◆ EXERCISE DIRECTIONS
Identify each line in the records below that contains the word "forall", and copy it.

◆ INPUT DATA

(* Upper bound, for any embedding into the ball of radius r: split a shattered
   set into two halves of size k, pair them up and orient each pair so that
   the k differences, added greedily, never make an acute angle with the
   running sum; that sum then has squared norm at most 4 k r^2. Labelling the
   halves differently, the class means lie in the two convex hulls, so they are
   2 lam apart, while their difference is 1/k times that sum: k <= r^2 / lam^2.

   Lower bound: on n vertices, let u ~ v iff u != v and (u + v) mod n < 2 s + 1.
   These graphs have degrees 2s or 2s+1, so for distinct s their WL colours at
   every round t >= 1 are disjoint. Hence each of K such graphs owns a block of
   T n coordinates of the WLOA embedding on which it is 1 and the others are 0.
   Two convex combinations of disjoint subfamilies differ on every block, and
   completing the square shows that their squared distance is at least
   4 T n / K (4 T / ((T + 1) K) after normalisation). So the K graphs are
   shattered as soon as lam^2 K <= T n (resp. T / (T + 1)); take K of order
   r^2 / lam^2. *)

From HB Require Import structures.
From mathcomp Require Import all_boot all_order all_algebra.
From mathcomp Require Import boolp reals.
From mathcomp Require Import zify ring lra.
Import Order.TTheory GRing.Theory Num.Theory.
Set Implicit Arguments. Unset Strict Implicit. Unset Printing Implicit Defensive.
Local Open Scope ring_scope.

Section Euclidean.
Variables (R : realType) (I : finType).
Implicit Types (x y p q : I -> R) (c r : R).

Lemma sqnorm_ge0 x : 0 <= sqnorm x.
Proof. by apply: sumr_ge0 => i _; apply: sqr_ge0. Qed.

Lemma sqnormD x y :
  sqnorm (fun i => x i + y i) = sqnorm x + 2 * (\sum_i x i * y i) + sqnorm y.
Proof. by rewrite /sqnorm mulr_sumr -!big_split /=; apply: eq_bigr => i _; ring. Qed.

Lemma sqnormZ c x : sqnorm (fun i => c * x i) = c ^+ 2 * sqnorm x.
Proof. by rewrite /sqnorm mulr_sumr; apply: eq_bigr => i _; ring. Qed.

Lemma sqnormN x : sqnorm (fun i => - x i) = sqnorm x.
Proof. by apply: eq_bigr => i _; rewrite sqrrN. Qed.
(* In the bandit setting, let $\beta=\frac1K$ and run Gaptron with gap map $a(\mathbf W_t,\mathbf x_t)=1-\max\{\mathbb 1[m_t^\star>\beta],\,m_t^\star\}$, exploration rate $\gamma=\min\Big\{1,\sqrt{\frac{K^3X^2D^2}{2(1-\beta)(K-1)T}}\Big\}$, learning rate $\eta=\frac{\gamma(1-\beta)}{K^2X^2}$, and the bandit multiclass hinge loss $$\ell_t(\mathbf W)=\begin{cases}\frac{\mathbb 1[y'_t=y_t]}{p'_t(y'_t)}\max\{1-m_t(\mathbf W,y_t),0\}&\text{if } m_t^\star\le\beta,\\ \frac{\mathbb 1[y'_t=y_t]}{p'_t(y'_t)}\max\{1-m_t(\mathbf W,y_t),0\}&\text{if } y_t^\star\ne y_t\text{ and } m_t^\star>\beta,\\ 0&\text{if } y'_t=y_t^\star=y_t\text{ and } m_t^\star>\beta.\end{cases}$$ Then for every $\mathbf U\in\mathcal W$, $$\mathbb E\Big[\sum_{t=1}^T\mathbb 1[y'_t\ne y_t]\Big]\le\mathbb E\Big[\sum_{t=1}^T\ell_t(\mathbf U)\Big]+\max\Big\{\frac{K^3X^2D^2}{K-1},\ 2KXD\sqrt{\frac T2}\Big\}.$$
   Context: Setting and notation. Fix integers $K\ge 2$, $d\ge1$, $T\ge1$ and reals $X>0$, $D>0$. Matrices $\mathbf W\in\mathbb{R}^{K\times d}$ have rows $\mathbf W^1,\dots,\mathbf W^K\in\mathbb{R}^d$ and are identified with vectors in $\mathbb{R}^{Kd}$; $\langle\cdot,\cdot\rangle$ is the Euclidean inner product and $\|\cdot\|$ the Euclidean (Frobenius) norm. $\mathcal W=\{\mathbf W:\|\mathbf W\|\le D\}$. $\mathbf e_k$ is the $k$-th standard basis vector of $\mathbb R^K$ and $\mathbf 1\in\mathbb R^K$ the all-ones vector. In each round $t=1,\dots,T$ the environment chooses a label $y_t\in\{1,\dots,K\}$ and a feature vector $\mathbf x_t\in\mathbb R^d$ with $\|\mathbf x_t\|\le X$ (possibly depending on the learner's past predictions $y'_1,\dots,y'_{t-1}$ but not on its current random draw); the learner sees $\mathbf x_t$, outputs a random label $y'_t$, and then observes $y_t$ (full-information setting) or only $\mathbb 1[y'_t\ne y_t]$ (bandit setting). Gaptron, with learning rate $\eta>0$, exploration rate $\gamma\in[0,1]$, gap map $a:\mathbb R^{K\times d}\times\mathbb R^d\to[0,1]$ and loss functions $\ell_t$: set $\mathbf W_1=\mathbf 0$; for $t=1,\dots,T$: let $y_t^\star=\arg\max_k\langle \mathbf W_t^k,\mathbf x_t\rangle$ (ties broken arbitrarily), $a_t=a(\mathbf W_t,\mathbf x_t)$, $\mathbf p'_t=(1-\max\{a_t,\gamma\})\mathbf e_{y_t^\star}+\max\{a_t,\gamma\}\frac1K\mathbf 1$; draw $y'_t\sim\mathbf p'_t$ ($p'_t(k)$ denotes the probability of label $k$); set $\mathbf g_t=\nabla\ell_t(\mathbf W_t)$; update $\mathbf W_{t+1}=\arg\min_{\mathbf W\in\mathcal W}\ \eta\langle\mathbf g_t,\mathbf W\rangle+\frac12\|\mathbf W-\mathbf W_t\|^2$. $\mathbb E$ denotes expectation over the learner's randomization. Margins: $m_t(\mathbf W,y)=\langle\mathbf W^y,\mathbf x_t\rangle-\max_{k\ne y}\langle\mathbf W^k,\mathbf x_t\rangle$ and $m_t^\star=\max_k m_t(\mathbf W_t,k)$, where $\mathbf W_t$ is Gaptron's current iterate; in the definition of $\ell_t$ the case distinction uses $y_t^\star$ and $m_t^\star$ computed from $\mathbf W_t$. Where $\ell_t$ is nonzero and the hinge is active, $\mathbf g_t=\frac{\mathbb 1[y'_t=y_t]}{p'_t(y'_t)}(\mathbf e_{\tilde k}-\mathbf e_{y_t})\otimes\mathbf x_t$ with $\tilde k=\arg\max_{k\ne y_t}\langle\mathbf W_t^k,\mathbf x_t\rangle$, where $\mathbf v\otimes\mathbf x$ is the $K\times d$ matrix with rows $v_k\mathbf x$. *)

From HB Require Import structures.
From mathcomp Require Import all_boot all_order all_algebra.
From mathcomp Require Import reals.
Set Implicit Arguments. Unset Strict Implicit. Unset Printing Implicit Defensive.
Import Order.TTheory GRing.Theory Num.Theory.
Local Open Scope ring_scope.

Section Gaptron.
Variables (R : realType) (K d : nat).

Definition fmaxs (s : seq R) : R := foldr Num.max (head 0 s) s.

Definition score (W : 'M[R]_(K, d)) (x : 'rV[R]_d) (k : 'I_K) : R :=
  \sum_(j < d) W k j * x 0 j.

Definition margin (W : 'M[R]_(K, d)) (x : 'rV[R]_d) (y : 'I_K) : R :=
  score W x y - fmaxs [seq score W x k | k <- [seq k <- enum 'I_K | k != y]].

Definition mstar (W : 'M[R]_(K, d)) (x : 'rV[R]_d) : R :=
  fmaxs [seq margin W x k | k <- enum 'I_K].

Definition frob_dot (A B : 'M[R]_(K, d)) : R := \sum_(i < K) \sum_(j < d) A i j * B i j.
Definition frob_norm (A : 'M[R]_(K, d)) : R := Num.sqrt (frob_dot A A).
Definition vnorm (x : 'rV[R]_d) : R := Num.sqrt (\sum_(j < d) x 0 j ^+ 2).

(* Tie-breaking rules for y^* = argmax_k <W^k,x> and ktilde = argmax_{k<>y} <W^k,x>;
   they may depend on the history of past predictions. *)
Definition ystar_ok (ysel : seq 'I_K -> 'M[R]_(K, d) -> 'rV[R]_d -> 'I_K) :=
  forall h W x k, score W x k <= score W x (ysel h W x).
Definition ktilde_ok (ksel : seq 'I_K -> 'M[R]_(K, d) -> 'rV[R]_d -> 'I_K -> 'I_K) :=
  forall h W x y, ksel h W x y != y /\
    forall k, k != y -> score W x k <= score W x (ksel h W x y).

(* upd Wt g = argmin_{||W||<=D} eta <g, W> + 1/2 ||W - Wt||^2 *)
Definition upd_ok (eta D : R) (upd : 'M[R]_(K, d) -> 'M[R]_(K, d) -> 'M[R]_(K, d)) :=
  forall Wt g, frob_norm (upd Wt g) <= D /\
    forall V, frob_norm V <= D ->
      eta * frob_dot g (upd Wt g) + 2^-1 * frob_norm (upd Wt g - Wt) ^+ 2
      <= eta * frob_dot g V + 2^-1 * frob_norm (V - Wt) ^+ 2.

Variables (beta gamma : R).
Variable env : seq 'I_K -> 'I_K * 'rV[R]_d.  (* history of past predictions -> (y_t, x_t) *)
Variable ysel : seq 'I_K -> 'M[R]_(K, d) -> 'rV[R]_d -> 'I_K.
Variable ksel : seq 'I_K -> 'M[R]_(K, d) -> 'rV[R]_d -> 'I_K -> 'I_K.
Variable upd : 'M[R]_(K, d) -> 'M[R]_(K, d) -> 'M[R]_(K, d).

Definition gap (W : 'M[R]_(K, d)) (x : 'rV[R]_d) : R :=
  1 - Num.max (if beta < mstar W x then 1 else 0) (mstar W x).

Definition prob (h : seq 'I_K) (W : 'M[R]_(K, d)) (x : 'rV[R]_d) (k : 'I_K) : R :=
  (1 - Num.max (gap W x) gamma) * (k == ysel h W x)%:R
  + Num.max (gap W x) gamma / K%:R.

◆ TASK OUTPUT
  forall h W x k, score W x k <= score W x (ysel h W x).
  forall h W x y, ksel h W x y != y /\
    forall k, k != y -> score W x k <= score W x (ksel h W x y).
  forall Wt g, frob_norm (upd Wt g) <= D /\
    forall V, frob_norm V <= D ->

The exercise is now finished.